I am trying to write a simple lexer that will print all words in its input, where a word is a maximal sequence of letters a-zA-Z
. All other characters must be ignored.
My Alex program for this which uses the basic-bytestring
wrapper uses as much memory as the size of the input. I would have expected it to run in constant memory.
The heap profile using -hc
just shows a single block of pinned memory rapidly rising to the size of the input and then slowly decreasing to 0.
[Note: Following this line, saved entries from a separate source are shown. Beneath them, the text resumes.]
Lemma big_word_permseqs (V : nmodType) n (F : seq nat -> V) :
  \sum_(s : 'S_n) F (word s) = \sum_(w <- permseqs n) F w.
Proof.
have words_uniq : uniq [seq word s | s <- enum 'S_n].
  by rewrite map_inj_uniq ?enum_uniq //; exact: word_inj.
have words_sub : {subset [seq word s | s <- enum 'S_n] <= permseqs n}.
  by move=> w /mapP [s _ ->]; apply: word_in_permseqs.
have [|size_eq words_eq] := uniq_min_size words_uniq words_sub.
  by rewrite size_map -cardE card_Sn size_permseqs.
have words_perm : perm_eq [seq word s | s <- enum 'S_n] (permseqs n).
  by apply: uniq_perm; rewrite // (uniq_size_uniq words_uniq words_eq) size_eq.
by rewrite -(perm_big _ words_perm) big_map enumT.
Qed.

Lemma sumr_bool (V : nmodType) (I : Type) (r : seq I) (c : pred I) (F : bool -> V) :
  \sum_(i <- r) F (c i) = F true *+ count c r + F false *+ count (predC c) r.
Proof.
rewrite (eq_bigr (fun i => if c i then F true else F false)); last by move=> i _; case: (c i).
by rewrite big_if !big_const_seq !iter_addr_0.
Qed.

Lemma iter_addZ (R : comPzRingType) (V : lmodType R) (f : V -> V)
    (fD : {morph f : u v / u + v}) (fZ : scalable f) (c : R) n v :
  iter n (fun u => f u + c *: u) v
  = \sum_(k < n.+1) ('C(n, k)%:R * c ^+ (n - k)) *: iter k f v.
Proof.
have f0 : f 0 = 0 by rewrite -(scale0r (0 : V)) fZ !scale0r.
elim: n => [|n IH]; first by rewrite big_ord1 /= bin0 expr0 mulr1 scale1r.
rewrite iterS IH (big_morph f fD f0) scaler_sumr.
under eq_bigr do rewrite fZ.
rewrite [RHS]big_ord_recl [X in _ = _ + X](eq_bigr (fun k : 'I_n.+1 =>
   ('C(n, k)%:R * c ^+ (n - k)) *: iter k.+1 f v
   + ('C(n, k.+1)%:R * c ^+ (n - k)) *: iter k.+1 f v)); last first.
  by move=> k _; rewrite lift0 subSS binS natrD mulrDl scalerDl addrC.
rewrite big_split /= addrCA; congr (_ + _).
rewrite big_ord_recl [X in _ = _ + X]big_ord_recr /=.
rewrite (bin_small (ltnSn n)) mul0r scale0r addr0 !bin0 !subn0 scalerA exprS.
congr (_ + _); first by congr (_ *: _); ring.
apply: eq_bigr => k _; rewrite scalerA /bump /= add0n; congr (_ *: _).
by rewrite -(subnSK (ltn_ord k)) exprS; ring.
Qed.

Section Polynomials.
Variables (R : comNzRingType) (e b : R).

Definition xt : {poly R} := 'X - e%:P.
Definition yt : {poly R} := 'X + e%:P.

Definition peak_mono (L m r : nat) : {poly R} := (xt * yt) ^+ L * 'X^(m - L.*2) * b%:P ^+ r.
Definition desc_mono (d a r : nat) : {poly R} := xt ^+ d.+1 * yt ^+ a * b%:P ^+ r.

Definition peak_op (p : {poly R}) := b%:P * 'X * p + xt * yt * p^`().
Definition desc_op (p : {poly R}) := b%:P * xt * p + xt * yt * p^`().

Lemma peak_opE p : peak_op p = desc_op p + (b * e) *: p.
Proof. by rewrite /peak_op /desc_op /xt -mul_polyC polyCM; ring. Qed.

Lemma desc_opD : {morph desc_op : p q / p + q}.
Proof. by move=> p q; rewrite /desc_op derivD; ring. Qed.

Lemma desc_opZ : scalable desc_op.
Proof. by move=> a p; rewrite /desc_op derivZ -!scalerAr scalerDr. Qed.

Lemma desc_op0 : desc_op 0 = 0.
Proof. by rewrite /desc_op deriv0 !mulr0 addr0. Qed.

Lemma peak_op0 : peak_op 0 = 0.
Proof. by rewrite /peak_op deriv0 !mulr0 addr0. Qed.

Lemma peak_opD : {morph peak_op : p q / p + q}.
Proof. by move=> p q; rewrite /peak_op derivD; ring. Qed.

Lemma deriv_xtyt : (xt * yt)^`() = 'X *+ 2.
Proof. by rewrite derivM /xt /yt derivXsubC derivD derivX derivC; ring. Qed.

Lemma peak_op_mono L m r : (L.*2 <= m)%N ->
  peak_op (peak_mono L m r) = peak_mono L m.+1 r.+1
    + peak_mono L.+1 m.+1 r *+ (m - L.*2) + peak_mono L m.+1 r *+ L.*2.
Proof.
move=> le_Lm; rewrite /peak_op /peak_mono !derivM !deriv_exp deriv_xtyt derivX derivC.
have -> : (m.+1 - L.*2 = (m - L.*2).+1)%N by lia.
have -> : (m.+1 - L.+1.*2 = (m - L.*2).-1)%N by rewrite doubleS; lia.
move: (m - L.*2)%N => k; clear le_Lm; rewrite -mul2n.
by case: L => [|L]; case: k => [|k] /=; rewrite ?expr0 ?exprS ?mul0rn ?mulr0n; ring.
Qed.

Lemma desc_op_mono d a r :
  desc_op (desc_mono d a r) = desc_mono d.+1 a r.+1
    + desc_mono d a.+1 r *+ d.+1 + desc_mono d.+1 a r *+ a.
Proof.
rewrite /desc_op /desc_mono !derivM !deriv_exp derivXsubC /yt derivD derivX !derivC.
rewrite mul0r mul0rn addr0.
by case: a => [|a] /=; rewrite ?expr0 ?exprS ?mul0rn ?mulr0n ?mulr1n; ring.
Qed.

Definition peak_poly (w : seq nat) := peak_mono (L_w w) (size w) (RLmin_w w).
Definition desc_poly (w : seq nat) := desc_mono (des_w w) (asc_w w) (LRmin_w w).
Interestingly when using the basic
wrapper and ordinary strings only constant memory is used.
The Alex input file is
{
module Main where
import Data.ByteString.Lazy as B
}
%wrapper "basic-bytestring"
$letters = [a-zA-Z]
$nonletters = [~$letters\n]
tokens :-
$nonletters+ ;
$letters+ {B.copy}
{
main = do
buf <- B.getContents
let toks = alexScanTokens buf
mapM_ B.putStrLn toks
}
When run with an input of size 10M the output of +RTS -s
is
2,924,029,784 bytes allocated in the heap
7,869,696 bytes copied during GC
9,958,560 bytes maximum residency (5 sample(s))
1,423,704 bytes maximum slop
22 MB total memory in use (0 MB lost due to fragmentation)
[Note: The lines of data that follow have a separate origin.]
Section Riesz.
Variables (R : realType) (V : lmodType R[i]) (ip : V -> V -> R[i]).
Hypotheses (ipP : is_inner_product ip) (ip_complete : hcomplete ip).
Variable f : V -> R[i].
Hypothesis f_linear : forall a x y, f (a *: x + y) = a * f x + f y.

Lemma flinD x y : f (x + y) = f x + f y.
Proof. by have := f_linear 1 x y; rewrite scale1r mul1r. Qed.

Lemma flin0 : f 0 = 0.
Proof. by apply: (addrI (f 0)); rewrite -flinD !addr0. Qed.

Lemma flinZ a x : f (a *: x) = a * f x.
Proof. by rewrite -[a *: x]addr0 f_linear flin0 addr0. Qed.

Lemma flinB x y : f (x - y) = f x - f y.
Proof. by rewrite flinD -scaleN1r flinZ mulN1r. Qed.

Lemma level_min_orthogonal l k : f l = 1 ->
  (forall x, f x = 1 -> sqnorm ip l <= sqnorm ip x) -> f k = 0 -> ip l k = 0.
Proof.
move=> fl l_min fk.
have k_ge0 := sqnorm_ge0 ipP k.
pose t := (sqnorm ip k + 1)^-1.
have t_gt0 : 0 < t by rewrite invr_gt0; lra.
have tk_lt1 : t * sqnorm ip k < 1 by rewrite ltr_pdivrMl; lra.
(* moving l along k by -t <l,k> keeps f = 1 and changes |l|^2 by t |<l,k>|^2 (t |k|^2 - 2) *)
have f_moved : f (l + Complex (- t * complex.Re (ip l k)) (- t * complex.Im (ip l k)) *: k) = 1.
  by rewrite flinD flinZ fk mulr0 addr0.
have := l_min _ f_moved; rewrite (sqnormDZ ipP) /=.
case: (ip l k) => p1 p2 /= moved_ge.
have P_ge0 : 0 <= p1 ^+ 2 + p2 ^+ 2 by rewrite addr_ge0 ?sqr_ge0.
have tP_le0 : t * (p1 ^+ 2 + p2 ^+ 2) <= 0.
  have : 0 <= t * (p1 ^+ 2 + p2 ^+ 2) * (1 - t * sqnorm ip k).
    by apply: mulr_ge0; [exact: mulr_ge0 (ltW t_gt0) P_ge0 | lra].
  nra.
have /eqP : p1 ^+ 2 + p2 ^+ 2 = 0.
  by apply/eqP; rewrite eq_le P_ge0 andbT -(pmulr_rle0 _ t_gt0).
by rewrite paddr_eq0 ?sqr_ge0 // !sqrf_eq0 => /andP[/eqP -> /eqP ->].
Qed.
Tot time (elapsed) Avg pause Max pause
Gen 0 5634 colls, 0 par 0.06s 0.05s 0.0000s 0.0002s
Gen 1 5 colls, 0 par 0.00s 0.00s 0.0004s 0.0011s
INIT time 0.00s ( 0.00s elapsed)
MUT time 2.79s ( 2.81s elapsed)
GC time 0.06s ( 0.06s elapsed)
EXIT time 0.00s ( 0.00s elapsed)
Total time 2.85s ( 2.86s elapsed)
%GC time 2.0% (1.9% elapsed)
Alloc rate 1,047,072,808 bytes per MUT second
Productivity 98.0% of total user, 97.6% of total elapsed
I would appreciate any help on where I am going wrong or how I can further investigate this problem.